━━━ EXERCISE DATA

Lemma rsum_root_products N k m :
  rsum N (fun j => re_root N j k * re_root N j m) =
    (cos_sum N (INR k - INR m) + cos_sum N (INR k + INR m)) / 2 /\
  rsum N (fun j => im_root N j k * re_root N j m) =
    (sin_sum N (INR k + INR m) + sin_sum N (INR k - INR m)) / 2 /\
  rsum N (fun j => re_root N j k * im_root N j m) =
    (sin_sum N (INR k + INR m) - sin_sum N (INR k - INR m)) / 2 /\
  rsum N (fun j => im_root N j k * im_root N j m) =
    (cos_sum N (INR k - INR m) - cos_sum N (INR k + INR m)) / 2.
Proof.
  assert (Hplus : forall f g h : nat -> R, (forall j, f j = (g j + h j) / 2) ->
     rsum N f = (rsum N g + rsum N h) / 2).
  { intros f g h E. rewrite (rsum_ext N f (fun j => / 2 * (g j + h j))).
    - rewrite rsum_scal, rsum_plus. field.
    - intros; rewrite E; field. }
  assert (Hminus : forall f g h : nat -> R, (forall j, f j = (g j - h j) / 2) ->
     rsum N f = (rsum N g - rsum N h) / 2).
  { intros f g h E. rewrite (rsum_ext N f (fun j => / 2 * (g j + -1 * h j))).
    - rewrite rsum_scal, rsum_plus, rsum_scal. field.
    - intros; rewrite E; field. }
  unfold cos_sum, sin_sum, re_root, im_root.
  repeat split; [apply Hplus|apply Hplus|apply Hminus|apply Hminus]; intros j;
    set (a := INR j * (angle N * INR k)); set (b := INR j * (angle N * INR m));
    replace (INR j * (angle N * (INR k - INR m))) with (a - b) by (unfold a, b; ring);
    replace (INR j * (angle N * (INR k + INR m))) with (a + b) by (unfold a, b; ring);
    rewrite ?cos_plus, ?cos_minus, ?sin_plus, ?sin_minus; field.
Qed.

Lemma root_orthogonality N k m : (1 <= k)%nat -> (1 <= m)%nat -> (k + m < N)%nat ->
  rsum N (fun j => re_root N j k * re_root N j m) = (if Nat.eq_dec k m then INR N / 2 else 0) /\
  rsum N (fun j => im_root N j k * re_root N j m) = 0 /\
  rsum N (fun j => re_root N j k * im_root N j m) = 0 /\
  rsum N (fun j => im_root N j k * im_root N j m) = (if Nat.eq_dec k m then INR N / 2 else 0).
Proof.
  intros Hk Hm HN. destruct (rsum_root_products N k m) as (-> & -> & -> & ->).
  rewrite <- plus_INR. destruct (root_sums_eq0 N (k + m)) as [-> ->]; [lia|].
  destruct (Nat.eq_dec k m) as [<-|Hne].
  - rewrite Rminus_diag, cos_sum0, sin_sum0. repeat split; field.
  - destruct (root_sums_sub_eq0 N k m) as [-> ->]; try lia. repeat split; field.
Qed.

Lemma Cpow_polar r t m :
  Cpow (r * cos t, r * sin t) m = (r ^ m * cos (INR m * t), r ^ m * sin (INR m * t)).
Proof.
  induction m as [|m IH]; cbn [Cpow].
  - simpl. rewrite Rmult_0_l, cos_0, sin_0. unfold C1. f_equal; ring.
  - rewrite IH, S_INR. replace ((INR m + 1) * t) with (INR m * t + t) by ring.
    rewrite cos_plus, sin_plus. unfold Cmul; simpl. f_equal; ring.
Qed.

Lemma neg_sqrt_le_cos_sin_comb a b t : - sqrt (a * a + b * b) <= a * cos t + b * sin t.
Proof.
  set (s := a * cos t + b * sin t).
  assert (Hs : s * s <= a * a + b * b).
  { pose proof (sin2_cos2 t) as E. unfold Rsqr in E.
    assert (a * a + b * b - s * s = (a * sin t - b * cos t) ^ 2).
    { unfold s. replace (a * a + b * b) with
        ((a * a + b * b) * (sin t * sin t + cos t * cos t)) by (rewrite E; ring).
      ring. }
    pose proof (pow2_ge_0 (a * sin t - b * cos t)). lra. }
  pose proof (sqrt_le_1_alt _ _ Hs) as Hsqrt.
  replace (sqrt (s * s)) with (Rabs s) in Hsqrt by (symmetry; apply sqrt_Rsqr_abs).
  pose proof (Rle_abs (- s)). rewrite Rabs_Ropp in *. lra.
Qed.

Lemma pow_le_pow_le1 x k n : 0 < x <= 1 -> (k <= n)%nat -> x ^ n <= x ^ k.
Proof.
  intros Hx Hk. replace n with (k + (n - k))%nat by lia. rewrite pow_add.
  pose proof (pow_lt x k ltac:(lra)).
  assert (x ^ (n - k) <= 1) by (rewrite <- (pow1 (n - k)); apply pow_incr; lra).
  pose proof (pow_le x (n - k) ltac:(lra)). nra.
Qed.

Lemma double_le_pow2 n : 2 * INR n <= 2 ^ n.
Proof.
  assert (H : forall m, INR m + 1 <= 2 ^ m).
  { induction m as [|m IH]; [simpl; lra|]. rewrite S_INR. simpl pow.
    pose proof (pos_INR m). lra. }
  destruct n as [|n]; [simpl; lra|]. rewrite S_INR. simpl pow. pose proof (H n). lra.
Qed.

Section SmallBallAtOrigin.

Variables (n : nat) (rho : R) (u : vec).
Hypothesis Hrho : 0 < rho <= 1.
Hypothesis Hu : forall k, (1 <= k <= n)%nat -> Complex.Cmod (u k) < rho ^ n / 2 ^ n.

Let N : nat := S (2 * n).
Let coef_re (k : nat) : R := fst (u k) / rho ^ k.
Let coef_im (k : nat) : R := snd (u k) / rho ^ k.
(* [osc j k] is the real part of [conj (u_k / rho^k) * omega^(j k)]. *)
Let osc (j k : nat) : R := coef_re k * re_root N j k + coef_im k * im_root N j k.
Let weight (j : nat) : R := (1 + 2 * rsum n (fun i => osc j (S i))) / INR N.
Let node (j : nat) : Cx := (rho * cos (angle N * INR j), rho * sin (angle N * INR j)).

Let N_pos : 0 < INR N.
Proof. apply lt_0_INR. unfold N. lia. Qed.

Lemma osc_ge j k : (1 <= k <= n)%nat -> - / 2 ^ n <= osc j k.
Proof.
  intros Hk. unfold osc, coef_re, coef_im, re_root, im_root.
  set (t := INR j * (angle N * INR k)).
  pose proof (pow_lt rho k ltac:(lra)) as Hrk.
  pose proof (pow_lt 2 n ltac:(lra)) as H2n.
  pose proof (neg_sqrt_le_cos_sin_comb (fst (u k)) (snd (u k)) t) as Hcomb.
  assert (Hmod : sqrt (fst (u k) * fst (u k) + snd (u k) * snd (u k)) < rho ^ k / 2 ^ n).
  { pose proof (Hu k Hk) as Huk. rewrite <- Cmod_eq in Huk.
    pose proof (pow_le_pow_le1 rho k n Hrho ltac:(lia)).
    assert (rho ^ n / 2 ^ n <= rho ^ k / 2 ^ n)
      by (apply Rmult_le_compat_r; [left; apply Rinv_0_lt_compat|]; auto).
    unfold Cmod in Huk. lra. }
  replace (fst (u k) / rho ^ k * cos t + snd (u k) / rho ^ k * sin t)
    with ((fst (u k) * cos t + snd (u k) * sin t) * / rho ^ k) by (field; lra).
  replace (- / 2 ^ n) with (- (rho ^ k / 2 ^ n) * / rho ^ k) by (field; lra).
  apply Rmult_le_compat_r; [left; apply Rinv_0_lt_compat; auto|lra].
Qed.

(* The oscillating part of the weight is at least [- 2 n / 2^n >= -1]. *)
Lemma weight_nonneg j : 0 <= weight j.
Proof.
  apply Rmult_le_pos; [|left; apply Rinv_0_lt_compat, N_pos].
  pose proof (rsum_ge_const n (fun i => osc j (S i)) (- / 2 ^ n)
    ltac:(intros; apply osc_ge; lia)).
  pose proof (double_le_pow2 n). pose proof (pow_lt 2 n ltac:(lra)).
  assert (INR n * / 2 ^ n <= / 2).
  { apply Rmult_le_reg_r with (2 * 2 ^ n); [nra|].
    replace (INR n * / 2 ^ n * (2 * 2 ^ n)) with (2 * INR n) by (field; lra).
    replace (/ 2 * (2 * 2 ^ n)) with (2 ^ n) by field. auto. }
  lra.
Qed.

Lemma rsum_weight_mul (P : nat -> R) :
  rsum N (fun j => weight j * P j) =
  (rsum N P + 2 * rsum n (fun i => rsum N (fun j => osc j (S i) * P j))) / INR N.
Proof.
  rewrite (rsum_ext N _ (fun j => / INR N * (P j + 2 * rsum n (fun i => osc j (S i) * P j)))).
  - rewrite rsum_scal, rsum_plus, rsum_scal, rsum_exchange. unfold Rdiv. ring.
  - intros j _. unfold weight.
    rewrite (rsum_ext n (fun i => osc j (S i) * P j) (fun i => P j * osc j (S i)))
      by (intros; ring).
    rewrite rsum_scal. field. lra.
Qed.

Lemma weight_sum : rsum N weight = 1.
Proof.
  rewrite (rsum_ext N weight (fun j => weight j * 1)) by (intros; ring).
  rewrite rsum_weight_mul, rsum_const.
  rewrite (rsum_ext n _ (fun _ => 0)), rsum_const; [field; lra|].
  intros i Hi. unfold osc.
  rewrite (rsum_ext N _ (fun j => coef_re (S i) * re_root N j (S i) +
                                  coef_im (S i) * im_root N j (S i))) by (intros; ring).
  rewrite rsum_plus, !rsum_scal.
  destruct (root_sums_eq0 N (S i)) as [Hc Hs]; [unfold N; lia|].
  unfold cos_sum, sin_sum in Hc, Hs. unfold re_root, im_root. rewrite Hc, Hs. ring.
Qed.

Lemma rsum_osc_mul_roots k m : (1 <= k <= n)%nat -> (1 <= m <= n)%nat ->
  rsum N (fun j => osc j k * re_root N j m) =
    (if Nat.eq_dec k m then coef_re k * (INR N / 2) else 0) /\
  rsum N (fun j => osc j k * im_root N j m) =
    (if Nat.eq_dec k m then coef_im k * (INR N / 2) else 0).
Proof.
  intros Hk Hm. unfold osc.
  destruct (root_orthogonality N k m) as (Hrr & Hir & Hri & Hii); try (unfold N; lia).
  split; [rewrite (rsum_ext N _ (fun j => coef_re k * (re_root N j k * re_root N j m) +
                                         coef_im k * (im_root N j k * re_root N j m)))
         |rewrite (rsum_ext N _ (fun j => coef_re k * (re_root N j k * im_root N j m) +
                                         coef_im k * (im_root N j k * im_root N j m)))];
    try (intros; ring); rewrite rsum_plus, !rsum_scal; [rewrite Hrr, Hir|rewrite Hri, Hii];
    destruct (Nat.eq_dec k m); ring.
Qed.

Lemma weight_roots m : (1 <= m <= n)%nat ->
  rsum N (fun j => weight j * re_root N j m) = coef_re m /\
  rsum N (fun j => weight j * im_root N j m) = coef_im m.
Proof.
  intros Hm. rewrite !rsum_weight_mul.
  destruct (root_sums_eq0 N m) as [Hc Hs]; [unfold N; lia|].
  change (rsum N (fun j => re_root N j m)) with (cos_sum N (INR m)).
  change (rsum N (fun j => im_root N j m)) with (sin_sum N (INR m)).
  rewrite Hc, Hs.
  rewrite (rsum_ext n (fun i => rsum N (fun j => osc j (S i) * re_root N j m))
    (fun i => if Nat.eq_dec (S i) m then (fun k => coef_re k * (INR N / 2)) (S i) else 0)),
    (rsum_ext n (fun i => rsum N (fun j => osc j (S i) * im_root N j m))
    (fun i => if Nat.eq_dec (S i) m then (fun k => coef_im k * (INR N / 2)) (S i) else 0)),
    (rsum_delta n m (fun k => coef_re k * (INR N / 2))),
    (rsum_delta n m (fun k => coef_im k * (INR N / 2)))
    by (try intros i Hi; try apply (rsum_osc_mul_roots (S i) m); lia).
  split; field; lra.
Qed.

Lemma moment_node j m :
  moment (node j) m = (rho ^ m * re_root N j m, rho ^ m * im_root N j m).
Proof.
  unfold moment, node. rewrite Cpow_polar. unfold re_root, im_root.
  replace (INR m * (angle N * INR j)) with (INR j * (angle N * INR m)) by ring.
  reflexivity.
Qed.

Lemma node_Cmod j : Cmod (Csub (node j) C0) = rho.
Proof.
  unfold node, Csub, C0, Cmod; cbn [fst snd].
  set (t := angle N * INR j). pose proof (sin2_cos2 t) as E. unfold Rsqr in E.
  replace ((rho * cos t - 0) * (rho * cos t - 0) + (rho * sin t - 0) * (rho * sin t - 0))
    with (rho * rho * (sin t * sin t + cos t * cos t)) by ring.
  rewrite E, Rmult_1_r. apply sqrt_square. lra.
Qed.

Lemma conv_moments_origin : conv_moments n rho C0 u.
Proof.
  exists N, weight, node. split; [|split; [apply weight_sum|]].
  - intros i _. split; [apply weight_nonneg|]. rewrite node_Cmod. lra.
  - intros m Hm. rewrite csum_components, (surjective_pairing (u m)).
    destruct (weight_roots m Hm) as [Hre Him].
    pose proof (pow_lt rho m ltac:(lra)).
    f_equal.
    + rewrite (rsum_ext N _ (fun j => rho ^ m * (weight j * re_root N j m)))
        by (intros j _; rewrite moment_node; simpl; ring).
      rewrite rsum_scal, Hre. unfold coef_re. field. lra.
    + rewrite (rsum_ext N _ (fun j => rho ^ m * (weight j * im_root N j m)))
        by (intros j _; rewrite moment_node; simpl; ring).
      rewrite rsum_scal, Him. unfold coef_im. field. lra.
Qed.

End SmallBallAtOrigin.

Theorem lemma4p9 (lam : Cx) (n : nat) (rho : R) :
  0 < rho <= 1 ->
  (forall z, boundary n (Cset n rho lam) z ->
     vdist n (moment lam) z >= rho ^ n / (4 ^ n * Rmax 1 (Cmod lam ^ n))) /\
  (lam = C0 ->
   forall z, boundary n (Cset n rho C0) z ->
     vdist n (moment C0) z >= rho ^ n / 2 ^ n).
Proof.
  intros Hrho.
  pose proof (fun u => conv_moments_origin n rho u Hrho) as Hball0.
  split.
  - apply boundary_vdist_ge. intros w Hw.
    apply conv_moments_Cset, (conv_moments_ball_translate n rho lam Hball0), Hw.
  - intros _. apply boundary_vdist_ge. intros w Hw.
    apply conv_moments_Cset, Hball0. intros [|k] Hk; [lia|].
    eapply Rle_lt_trans; [|exact Hw].
    replace (Complex.Cmod (w (S k))) with (Complex.Cmod (w (S k) - Complex.Cpow C0 (S k)))
      by (f_equal; change C0 with (RtoC 0); simpl; ring).
    apply Cmod_sub_moment_le_vdist, Hk.
Qed.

━━━━━━

From the first line of the data through the line with "2 * (g j + h j))).", quote each line exactly and add nothing else.

Lemma rsum_root_products N k m :
  rsum N (fun j => re_root N j k * re_root N j m) =
    (cos_sum N (INR k - INR m) + cos_sum N (INR k + INR m)) / 2 /\
  rsum N (fun j => im_root N j k * re_root N j m) =
    (sin_sum N (INR k + INR m) + sin_sum N (INR k - INR m)) / 2 /\
  rsum N (fun j => re_root N j k * im_root N j m) =
    (sin_sum N (INR k + INR m) - sin_sum N (INR k - INR m)) / 2 /\
  rsum N (fun j => im_root N j k * im_root N j m) =
    (cos_sum N (INR k - INR m) - cos_sum N (INR k + INR m)) / 2.
Proof.
  assert (Hplus : forall f g h : nat -> R, (forall j, f j = (g j + h j) / 2) ->
     rsum N f = (rsum N g + rsum N h) / 2).
  { intros f g h E. rewrite (rsum_ext N f (fun j => / 2 * (g j + h j))).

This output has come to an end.